# On the way home from Marty's NT.....



## Stan Cedarleaf (Jan 2, 2008)

After we left Marty's, it was Kay's turn to do something she wanted to do that wasn't train related.... That's hard to understand but you know how it is..........







So we stopped at The ABQ Balloon Fiesta... Here's a number of images of this magnificent event....

The morning started before it got light with the "Dawn Patrol".












































The testing and warming of the burners......















Remembering our Great Country....




























Preparing for launch..........















The ascension of many sizes, shapes and colors......










































Remembering our Fallen and Lost Heros........
























Some very interesting shapes and familiar faces......................






























































































































































































































It's an awesome sight to see hundreds of balloons in the air at one time.....


----------



## Jerry Barnes (Jan 2, 2008)

WOW, fab shots Stan!


----------



## GrizzlyFlatsFan (Jan 5, 2008)

Those are great shots, Stan. Did you take a ride and go up in any of them?


----------



## peter bunce (Dec 29, 2007)

Hi Stan, 

Nice shots - you are showing off with the new editor I think! 

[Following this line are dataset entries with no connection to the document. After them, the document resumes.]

(* Let $p>2$ be a prime, $K\in\{\mathbb Z_{(p)},\mathbb Z_p\}$, $F$ a field containing $K$, $G=\langle a\rangle\cong C_{p^2}$, $\Phi(x)=x^{p-1}+\dots+x+1$, and for $1\leq j\leq p-2$ let $U_j$ be the $KC_{p^2}$-submodule of $(KC_{p^2})^{2}$ generated by $\big((a-1)^{j+1}+\Phi(a),\,(a-1)^j\big)$ and $\big((a-1)\Phi(a^p),\,\Phi(a^p)\big)$. Let $f_j:C_{p^2}\to\widehat{U_j}$ be the cocycle with $f_j(a)=p^{-2}\Phi(a)\Phi(a^p)(1,0)+U_j$. Then $\mathrm{Crys}(C_{p^2};U_j;f_j)$ is torsion-free.
   Context: $FM=F\otimes_KM$, $\widehat M=FM/M$ with $g(x+M)=gx+M$; a $1$-cocycle is $T:G\to\widehat M$ with $T(gh)=gT(h)+T(g)$, determined for cyclic $G$ by $T(a)$ via $T(a^k)=(1+a+\dots+a^{k-1})T(a)$. $\mathrm{Crys}(G;M;T)=\{(g,x):g\in G,\ x\in FM,\ x+M=T(g)\}$ with $(g,x)(g',x')=(gg',g'x+x')$. *)

From HB Require Import structures.
From mathcomp Require Import all_boot all_order all_algebra.
Set Implicit Arguments. Unset Strict Implicit. Unset Printing Implicit Defensive.
Import Order.TTheory GRing.Theory Num.Theory.
Local Open Scope ring_scope.

Definition is_Zloc (F : fieldType) (p : nat) (K : {pred F}) : Prop :=
  forall x : F, x \in K <-> exists q : rat, ~~ (p %| `|denq q|)%N /\ x = ratr q.

Definition pdivK (F : fieldType) (p : nat) (K : {pred F}) (n : nat) (x : F) : Prop :=
  exists2 y : F, y \in K & x = (p%:R ^+ n) * y.

(* K is a copy of the p-adic integers Z_p inside F: a subring with residue
   ring Z/p (p not a unit, every element congruent to an integer mod p) that is
   p-adically separated and complete.  These properties characterise Z_p up
   to isomorphism. *)
Definition is_Zp (F : fieldType) (p : nat) (K : {pred F}) : Prop :=
  [/\ 1 \in K, (forall x y, x \in K -> y \in K -> x - y \in K),
      (forall x y, x \in K -> y \in K -> x * y \in K) &
      (p%:R)^-1 \notin K] /\
  [/\
      (forall x, x \in K -> exists z : int, pdivK p K 1 (x - z%:~R)),
      (forall x, x \in K -> (forall n, pdivK p K n x) -> x = 0) &
      (forall s : nat -> F, (forall n, s n \in K) ->
         (forall n, pdivK p K n (s n.+1 - s n)) ->
         exists2 l, l \in K & forall n, pdivK p K n (l - s n))].

(* ---------- the group algebra F C_{p^2} = F[X]/(X^{p^2} - 1) ----------
   An element of F C_{p^2} is represented by its reduced polynomial
   (size < p^2), the generator a being X. Pairs represent (FG)^2. *)

Definition modp2 (F : fieldType) (p : nat) : {poly F} := 'X^(p ^ 2) - 1.
Definition red (F : fieldType) (p : nat) (u : {poly F}) : {poly F} := u %% modp2 F p.
Definition reduced (F : fieldType) (p : nat) (u : {poly F}) : bool :=
  (size u < p ^ 2)%N.

Definition PhiA (F : fieldType) (p : nat) : {poly F} := \sum_(i < p) 'X^i.
Definition PhiAp (F : fieldType) (p : nat) : {poly F} := \sum_(i < p) 'X^(p * i).

Definition gen1 (F : fieldType) (p j : nat) : {poly F} * {poly F} :=
  (('X - 1) ^+ j.+1 + PhiA F p, ('X - 1) ^+ j).
Definition gen2 (F : fieldType) (p : nat) : {poly F} * {poly F} :=
  (('X - 1) * PhiAp F p, PhiAp F p).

Thanks for showing them, and thank Kay for suggesting it.


----------



## Trains (Jan 2, 2008)

Great shots Stan! Looks like fun even if it's not trains.


----------



## flatracker (Jan 2, 2008)

You Lucky Devil!!!







As close as you live to that, I'm surprised you havent been several times. That is just BEAUTIFUL!!! Great shots and fantastic subjects. I'll bet all you had to do was aim and shoot without all that fancy lighting equipment required for your profession in the past







Thanks for posting them!


----------



## John J (Dec 29, 2007)

Those are beautiful pic's. When I first opened the tread I thought you got pic's of some sunrise. As the temp gets cooler I will see a lot of those on the way in to work. I have had them drift over when I was working on my RR.


----------



## Henson (Jan 2, 2008)

Nice shots Stan, looks like you and Kay are still having a great time on the road. 

Henson


----------



## Rods UP 9000 (Jan 7, 2008)

Stan, 
Thanks for the beautiful pictures. There is some neat looking balloons you saw there. 
Rodney


----------



## Great Western (Jan 2, 2008)

Greetings Stan,


Wonderful pics, I delighted in seeing them. Like many folks I am fascinated by them.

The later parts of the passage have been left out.